Agapito tenía una vida solitaria en el espacio, y no podía hacer otra cosa más que pensar. Básicamente, dedicaba todo su tiempo a realizar cálculos. Calculaba la distancia a la que se encontraban los demás astros en cada momento, la velocidad y la dirección de su propia trayectoria, las fuerzas (gravedad y otras) que serían precisas para desviarle de la misma. Las probabilidades de perecer según colisionara con otro meteoro de pequeño tamaño o con un gran gigante gaseoso.

Sin darse cuenta, Agapito había entrado en un nuevo sistema solar, con varios planetas gigantes gaseosos y otros rocosos de menor tamaño. Alarmado, se dio cuenta de que el momento de la colisión estaba próximo. Pronto su trayectoria le pondría en la misma posición que el tercer planeta contando desde el sol.

Resignado, Agapito comenzó a calcular sus opciones de sobrevivir a un contacto semejante.

Sin otra cosa más que hacer, Agapito se convirtió en una bola de fuego al entrar en contacto con la atmósfera del planeta.


El perro sintió bajo sus patas el impacto de aquello contra el suelo.
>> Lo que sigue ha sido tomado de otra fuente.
(* In the push-based remote estimation problem described in the context, if $\beta<1$ there are at least $|\mathcal{S}|$ local optima (joint encoder–decoder policies that are Nash equilibria, i.e., from which neither the encoder nor the decoder can improve the objective by unilaterally changing its own policy), even without imposing the perfect-estimation constraint.
   Context: Remote estimation problem: finite state set $\mathcal{S}$, a Markov chain with a fixed transition matrix $\mathbf{P}$, unaffected by the decoder's actions. At each time $t$ an encoder observes $s_t$ and decides $c_t\in\{0,1\}$ (transmit $s_t$ or not); the decoder observes $s_t$ if $c_t=1$ and a no-transmission symbol otherwise, and outputs an estimate $a_t\in\mathcal{S}$. The common objective of encoder and decoder is $\mathbb{E}\big[\sum_t\gamma^t(\mathbb{1}[a_t=s_t]-\beta c_t)\big]$ with $\gamma\in[0,1)$ and communication cost $\beta>0$. The decoder's policy depends on the time since the last transmission and the last transmitted state, and the decoder knows the encoder's policy (so non-transmission can carry implicit information). The perfect-estimation constraint refers to requiring that the decoder's belief over $s_t$ is always a point mass. *)

From HB Require Import structures.
From mathcomp Require Import all_boot all_order all_algebra.
From mathcomp Require Import all_classical all_reals all_analysis.
Set Implicit Arguments. Unset Strict Implicit. Unset Printing Implicit Defensive.
Import Order.TTheory GRing.Theory Num.Theory.
Local Open Scope ring_scope.

Section RemoteEstimation.
Variables (R : realType) (S : finType).

(* Decoder information state: (time since last transmission, last transmitted
   state); [None] = no transmission has happened yet (then the counter is the
   time since the start). *)
Definition dstate := (nat * option S)%type.

(* Encoder: sees the decoder's information state before time t and the
   current state s_t, decides whether to transmit. *)
Definition encoder := nat -> option S -> S -> bool.
(* Decoder: outputs an estimate from (time since last transmission, last
   transmitted state), after the time-t observation has been incorporated. *)
Definition decoder := nat -> option S -> S.

Definition init_dstate : dstate := (0%N, None).

Definition upd_dstate (e : encoder) (sg : dstate) (s : S) : dstate :=
  if e sg.1 sg.2 s then (0%N, Some s) else (sg.1.+1, sg.2).

Definition run_dstate (e : encoder) (l : seq S) : dstate :=
  foldl (upd_dstate e) init_dstate l.

(* reward at the last time of a trajectory x :: l, i.e. at time size l:
   1[a_t = s_t] - beta * c_t *)
Definition stage_reward (beta : R) (e : encoder) (d : decoder) (x : S) (l : seq S) : R :=
  let past := run_dstate e (belast x l) in
  let s := last x l in
  let c := e past.1 past.2 s in
  let sg := upd_dstate e past s in
  (d sg.1 sg.2 == s)%:R - beta * c%:R.

Fixpoint path_prob (P : S -> S -> R) (x : S) (l : seq S) : R :=
  if l is y :: l' then P x y * path_prob P y l' else 1.

Definition expected_reward (mu : S -> R) (P : S -> S -> R) (beta : R)
    (e : encoder) (d : decoder) (t : nat) : R :=
  \sum_(w : t.+1.-tuple S)
     mu (thead w) * path_prob P (thead w) (behead w) *
     stage_reward beta e d (thead w) (behead w).

Definition objective (mu : S -> R) (P : S -> S -> R) (gamma beta : R)
    (e : encoder) (d : decoder) : R :=
  limn (fun n => \sum_(t < n) gamma ^+ t * expected_reward mu P beta e d t).

Definition nash_equilibrium (mu : S -> R) (P : S -> S -> R) (gamma beta : R)
    (e : encoder) (d : decoder) : Prop :=
  (forall e' : encoder, objective mu P gamma beta e' d <= objective mu P gamma beta e d) /\
  (forall d' : decoder, objective mu P gamma beta e d' <= objective mu P gamma beta e d).

Definition prob_vector (mu : S -> R) : Prop :=
  (forall s, 0 <= mu s) /\ \sum_(s : S) mu s = 1.

Definition stochastic (P : S -> S -> R) : Prop :=
  (forall s s', 0 <= P s s') /\ (forall s, \sum_(s' : S) P s s' = 1).

End RemoteEstimation.

(* For each state x consider the encoder that transmits exactly when the state
   differs from x, and the decoder that outputs the freshly transmitted state
   and x otherwise. Against this decoder, the encoder earns the best possible
   stage reward at every time and on every trajectory: staying silent on x is
   free, and staying silent on s <> x costs 1 > beta. Against this encoder the
   decoder already estimates perfectly. Since the objective is monotone under
   pathwise domination of stage rewards, both are best responses, and distinct
   x give distinct encoders. *)
From HB Require Import structures.
From mathcomp Require Import all_boot all_order all_algebra.
From mathcomp Require Import all_classical all_reals all_analysis.
From mathcomp Require Import lra.
Import Order.TTheory GRing.Theory Num.Theory.
Local Open Scope ring_scope.

Lemma big_tupleS (V : nmodType) (T : finType) n (F : n.+1.-tuple T -> V) :
  \sum_(w : n.+1.-tuple T) F w = \sum_(x : T) \sum_(t : n.-tuple T) F (cons_tuple x t).
Proof.
rewrite pair_big (reindex (fun p : T * n.-tuple T => cons_tuple p.1 p.2)) //=.
exists (fun w => (thead w, behead_tuple w)) => [[x t] _|w _] /=.
  by congr pair; apply: val_inj.
by rewrite [RHS]tuple_eta; apply: val_inj.
Qed.

Lemma big_tuple0 (V : nmodType) (T : finType) (F : 0.-tuple T -> V) :
  \sum_(w : 0.-tuple T) F w = F [tuple].
Proof.
rewrite (eq_bigr (fun _ => F [tuple])); last by move=> w _; rewrite tuple0.
by rewrite sumr_const card_tuple expn0.
Qed.

Section Objective.
Variables (R : realType) (S : finType) (mu : S -> R) (P : S -> S -> R).
Hypotheses (mu_prob : prob_vector mu) (P_stochastic : stochastic P).

Lemma path_prob_ge0 x l : 0 <= path_prob P x l.
Proof.
elim: l x => [|y l IHl] x /=; first exact: ler01.
by rewrite mulr_ge0 //; case: P_stochastic.
Qed.

Lemma sum_path_prob n x : \sum_(l : n.-tuple S) path_prob P x l = 1.
Proof.
elim: n x => [|n IHn] x; first by rewrite big_tuple0.
rewrite big_tupleS /=.
under eq_bigr => y _ do rewrite -mulr_sumr IHn mulr1.
by case: P_stochastic.
Qed.

Lemma trajectory_weight_ge0 t (w : t.+1.-tuple S) :
  0 <= mu (thead w) * path_prob P (thead w) (behead w).
Proof. by rewrite mulr_ge0 ?path_prob_ge0 //; case: mu_prob. Qed.

Lemma sum_trajectory_weight t :
  \sum_(w : t.+1.-tuple S) mu (thead w) * path_prob P (thead w) (behead w) = 1.
Proof.
rewrite big_tupleS.
under eq_bigr => x _.
  under eq_bigr => l _ do rewrite theadE /=.
  rewrite -mulr_sumr sum_path_prob mulr1.
  over.
by case: mu_prob.
Qed.

Lemma stage_reward_bound (beta : R) (e : encoder S) (d : decoder S) x l :
  `|stage_reward beta e d x l| <= 1 + `|beta|.
Proof.
apply: le_trans (ler_normB _ _) _.
apply: lerD; first by case: (_ == _); rewrite ?normr0 ?normr1.
by case: (e _ _ _); rewrite ?mulr1 ?mulr0 ?normr0.
Qed.

Lemma expected_reward_bound (beta : R) (e : encoder S) (d : decoder S) t :
  `|expected_reward mu P beta e d t| <= 1 + `|beta|.
Proof.
rewrite -[leRHS]mul1r -{1}(sum_trajectory_weight t) mulr_suml.
apply: le_trans (ler_norm_sum _ _ _) _; apply: ler_sum => w _.
rewrite normrM ger0_norm ?trajectory_weight_ge0 //.
by rewrite ler_wpM2l ?trajectory_weight_ge0 ?stage_reward_bound.
Qed.

Lemma ler_expected_reward (beta : R) (e e' : encoder S) (d d' : decoder S) t :
  (forall x l, stage_reward beta e' d' x l <= stage_reward beta e d x l) ->
  expected_reward mu P beta e' d' t <= expected_reward mu P beta e d t.
Proof.
by move=> le_stage; apply: ler_sum => w _; rewrite ler_wpM2l ?trajectory_weight_ge0.
Qed.

Variable gamma : R.
Hypotheses (gamma_ge0 : 0 <= gamma) (gamma_lt1 : gamma < 1).

Lemma objective_cvg (beta : R) (e : encoder S) (d : decoder S) :
  cvgn (fun n => \sum_(t < n) gamma ^+ t * expected_reward mu P beta e d t).
Proof.
have -> : (fun n => \sum_(t < n) gamma ^+ t * expected_reward mu P beta e d t) =
    series (fun t => gamma ^+ t * expected_reward mu P beta e d t).
  by apply/funext => n; rewrite /series /= big_mkord.
apply: normed_cvg.
apply: (@series_le_cvg _ _ (geometric (1 + `|beta|) gamma)) => [n|n|n|].
- exact: normr_ge0.
- by rewrite /geometric /= mulr_ge0 ?exprn_ge0 ?addr_ge0.
- rewrite /geometric /= normrM ger0_norm ?exprn_ge0 // mulrC.
  by rewrite ler_wpM2r ?exprn_ge0 ?expected_reward_bound.
- by apply: is_cvg_geometric_series; rewrite ger0_norm.
Qed.

Lemma ler_objective (beta : R) (e e' : encoder S) (d d' : decoder S) :
  (forall x l, stage_reward beta e' d' x l <= stage_reward beta e d x l) ->
  objective mu P gamma beta e' d' <= objective mu P gamma beta e d.
Proof.
move=> le_stage; apply: ler_lim; try exact: objective_cvg.
apply: nearW => n; apply: ler_sum => t _.
by rewrite ler_wpM2l ?exprn_ge0 ?ler_expected_reward.
Qed.

End Objective.

Section DefaultStatePolicies.
Variables (R : realType) (S : finType) (x : S).

Definition skip_encoder : encoder S := fun _ _ s => s != x.

Definition default_decoder : decoder S :=
  fun k o => if (k, o) is (0%N, Some s) then s else x.

Lemma skip_encoder_best_response (beta : R) (e : encoder S) x0 l :
  0 <= beta -> beta <= 1 ->
  stage_reward beta e default_decoder x0 l <=
  stage_reward beta skip_encoder default_decoder x0 l.
Proof.
move=> beta_ge0 beta_le1; rewrite /stage_reward /upd_dstate.
move: (run_dstate e _) (run_dstate skip_encoder _) (last x0 l) => p p' s.
rewrite /skip_encoder /default_decoder.
case: (e _ _ _); case: (eqVneq s x) => [->|ne_sx] /=; rewrite ?eqxx /=;
  rewrite ?(eq_sym x) ?(negbTE ne_sx) /=; lra.
Qed.

Lemma default_decoder_best_response (beta : R) (d : decoder S) x0 l :
  stage_reward beta skip_encoder d x0 l <=
  stage_reward beta skip_encoder default_decoder x0 l.
Proof.
rewrite /stage_reward /upd_dstate.
move: (run_dstate skip_encoder _) (last x0 l) => p s.
rewrite /skip_encoder /default_decoder.
by case: (eqVneq s x) => [->|ne_sx] /=; rewrite ?eqxx lerD2r ler_nat leq_b1.
Qed.

End DefaultStatePolicies.

Arguments skip_encoder {S}.
Arguments default_decoder {S}.

Lemma skip_encoder_inj (S : finType) : injective (@skip_encoder S).
Proof.
move=> x y /(congr1 (fun e : encoder S => e 0%N None x)).
by rewrite /skip_encoder eqxx => /esym/negbFE/eqP.
Qed.

Theorem corollary1 (R : realType) (S : finType) (mu : S -> R) (P : S -> S -> R)
    (gamma beta : R) :
  prob_vector mu -> stochastic P ->
  0 <= gamma -> gamma < 1 -> 0 < beta -> beta < 1 ->
  exists f : S -> encoder S * decoder S,
    (forall x y, f x = f y -> x = y) /\
    (forall x, nash_equilibrium mu P gamma beta (f x).1 (f x).2).
Proof.
move=> mu_prob P_stochastic gamma_ge0 gamma_lt1 beta_gt0 beta_lt1.
exists (fun x => (skip_encoder x, default_decoder x)); split.
  by move=> x y [/skip_encoder_inj].
move=> x; split=> [e|d] /=; apply: ler_objective => // x0 l.
  by apply: skip_encoder_best_response; apply: ltW.
exact: default_decoder_best_response.
Qed.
Intrigado, recorrió el espacio que le separaba del agujero en la tierra que acababa de formarse. Una vez lo tuvo a la vista se acercó con precaución.
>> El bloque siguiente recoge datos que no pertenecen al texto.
Lemma dA_near0 : exists C, forall x, 0 < x <= / 2 ->
  Rabs (dA x - (l ^ 2 - 2) * D_ l 0) <= C * x.
Proof.
  destruct D_near0 as [CD HCD]. destruct dD_bounded as [KD HKD].
  exists ((l ^ 2 + 2) * CD + 2 * KD + 64 * inv_sqrt_2pi). intros x [hx hx2].
  replace (dA x - (l ^ 2 - 2) * D_ l 0) with ((l ^ 2 - 2) * (D_ l x - D_ l 0) - 2 * x * dD x
    - 2 * l ^ 2 * inv_sqrt_2pi * (p_ x * phi (p_ x))) by (unfold dA, dGamma; ring).
  pose proof (HCD x (conj hx hx2)) as hD. pose proof (HKD x hx) as hdD.
  pose proof (p_mul_phi_p_le x hx). pose proof (p_pos x hx) as hp. pose proof (phi_pos (p_ x)).
  pose proof inv_sqrt_2pi_pos. pose proof l2_pos.
  pose proof (Rabs_pos (D_ l x - D_ l 0)). pose proof (Rabs_pos (dD x)).
  assert (t1 : Rabs ((l ^ 2 - 2) * (D_ l x - D_ l 0)) <= (l ^ 2 + 2) * (CD * x)).
  { rewrite Rabs_mult. apply Rmult_le_compat; try apply Rabs_pos; [| exact hD].
    apply Rabs_le. split; lra. }
  assert (t2 : Rabs (2 * x * dD x) <= 2 * x * KD).
  { rewrite Rabs_mult, (Rabs_right (2 * x)) by lra. apply Rmult_le_compat_l; lra. }
  assert (t3 : 0 <= 2 * l ^ 2 * inv_sqrt_2pi * (p_ x * phi (p_ x)) <= 64 * inv_sqrt_2pi * x).
  { split; [apply Rmult_le_pos; nra |].
    apply (Rle_trans _ (2 * l ^ 2 * inv_sqrt_2pi * (32 * x / l ^ 2)));
      [apply Rmult_le_compat_l; nra | right; field; lra]. }
  apply Rabs_le_between in t1. apply Rabs_le_between in t2.
  apply Rabs_le. split; nra.
Qed.

Lemma dA_continuity_pt (x : R) : 0 < x -> continuity_pt dA x.
Proof.
  intros hx. apply continuity_pt_filterlim, ex_derive_continuous_R.
  unfold dA, dD, dGamma, p_, phi. auto_derive.
  repeat split; try (eexists; now apply D_deriv); try lra;
    apply Rgt_not_eq, sqrt_lt_R0; lra.
Qed.
(* [index r proposers] is the number of proposers that [h] ranks above [r]. *)
Lemma maximal_rejE r :
  ((r, h) \in rej s) = ((r, h) \in prop s) && (quota K h <= index r proposers).
Proof.
have fs := maxs.1.
apply/idP/andP => [rej_rh|[prop_rh le_q]].
  have prop_rh := subsetP (feasible_rej_subset fs) _ rej_rh.
  split; rewrite // -count_take_index; last by rewrite inE.
  by case/and3P: (feasible_rej_ousted fs rej_rh) => _ _; rewrite h_complete.
apply: (maximal_rej maxs); rewrite /ousted /cnt_on /= prop_rh h_complete /=.
rewrite count_take_index; last by rewrite inE.
rewrite le_q andbT (leq_trans le_q) // -size_filter index_size //.
Qed.

Lemma res_h_maximal_tent :
  res_h h (tent s) = [set r in take (quota K h) proposers].
Proof.
apply/setP => r; rewrite [in LHS]inE in_setD maximal_rejE inE.
have [prop_rh|nprop_rh] := boolP ((r, h) \in prop s); last first.
  apply/esym/negbTE; apply: contra nprop_rh.
  by move/mem_take; rewrite mem_proposers.
by rewrite in_take ?mem_proposers // ltnNge andbT.
Qed.

Lemma card_res_h_maximal_tent :
  #|res_h h (tent s)| = minn (quota K h) (size proposers).
Proof.
rewrite res_h_maximal_tent cardsE -size_take_min; apply/card_uniqP.
by rewrite take_uniq ?filter_uniq.
Qed.

Lemma maximal_card_tent_le : #|res_h h (tent s)| <= quota K h.
Proof. by rewrite card_res_h_maximal_tent geq_minl. Qed.

Lemma maximal_card_tent_eq r' :
  (r', h) \in rej s -> #|res_h h (tent s)| = quota K h.
Proof.
rewrite maximal_rejE card_res_h_maximal_tent => /andP [prop_r'h le_q].
by apply/minn_idPl/ltnW; rewrite (leq_ltn_trans le_q) // index_mem mem_proposers.
Qed.

Lemma maximal_tent_precedes_rej r r' :
  (r, h) \in tent s -> (r', h) \in rej s -> precedes L r r'.
Proof.
move=> tent_rh; rewrite maximal_rejE => /andP [prop_r'h le_q].
have: r \in res_h h (tent s) by rewrite inE.
rewrite res_h_maximal_tent inE => r_first.
have r_proposer := mem_take r_first.
have lt_q : index r proposers < quota K h by rewrite -in_take.
rewrite /precedes h_complete ltnNge; apply/negP => le_idx.
have := leq_count_take (fun x => x \in res_h h (prop s)) L le_idx.
have res_r : r \in res_h h (prop s) by rewrite inE -mem_proposers.
have res_r' : r' \in res_h h (prop s) by rewrite inE.
rewrite !count_take_index // => le_ranks.
by have := leq_ltn_trans (leq_trans le_q le_ranks) lt_q; rewrite ltnn.
Qed.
Frente a él vio un no muy profundo hoyo con lo que parecía un huevo sucio en su centro. ¿Qué podía significar aquello? ¿Cómo podía caer un huevo del cielo? ¿De quién sería?

Con precaución, el perro decidió acercarse al huevo mientras seguía planteándose su existencia. Sin llegar a tocarlo analizó su color y tamaño. No era ningún experto en huevos, desde luego, pero aquello le parecía sin duda un huevo de ganso. ¿Qué haría un huevo de ganso cayendo del cielo? ¿Tal vez una bandada de gansos pasaba por ahí y se les cayó el huevo?

Había algo en aquella teoría que no terminaba de convencer al perro. Pero como era tan experto en gansos como lo era en huevos, decidió dejarla apartada por el momento. Después de todo, los gansos y demás especies voladoras migratorias eran para echarles de comer aparte. ¡Qué gentes más extrañas eran!

El perro se aproximó un poco más y, aún sin tocarlo, notó cómo el huevo exudaba calor. Tanto, que hasta podía ver el vapor que se formaba en contraste con el frescor de aquella mañana.

«Decididamente —se dijo el perro—, una gansa fuera de sus cabales se ha liado a volar y ha tenido un huevo. Tanto calor llevaba dentro que en la oscuridad me parecía rodeado de fuego. Y tan loca estaba la gansa, como todos los de su clase, que ni siquiera se ha dado cuenta de que perdía un huevo, por lo que ahora estará más allá del horizonte. ¡Pobre huevo, abandonado a su suerte por la locura de viajar!».

Tentativamente, el perro tocó al fin el dichoso huevo. Aún seguía caliente, y una cosa que sí sabía el perro es que no debía dejar que se enfriara. Recordando que cerca había una granja decidió dirigirse hacia allí.

Se escondió en un rincón hasta que estuvo seguro de que los dos piernas no les molestarían y entró en el corral de la granja. Le costó un poco convencer a las patas de que no había robado el huevo para comérselo (es difícil explicarte cuando te asedian con fuertes picos). Una vez les pidió ayuda ellas respondieron que no podían hacerse cargo del huevo, aunque les gustaría, porque los dos piernas siempre revisaban si habían puesto algún huevo para quitárselo.

El perro se volvió hacia el ganso, sabiendo que a él no le revisarían al ser un macho. Tan solitario se sentía a veces el ganso que no necesitó mucha persuasión para convencerle.

Y así fue cómo Agapito encontró un hogar donde descansar después de su última colisión.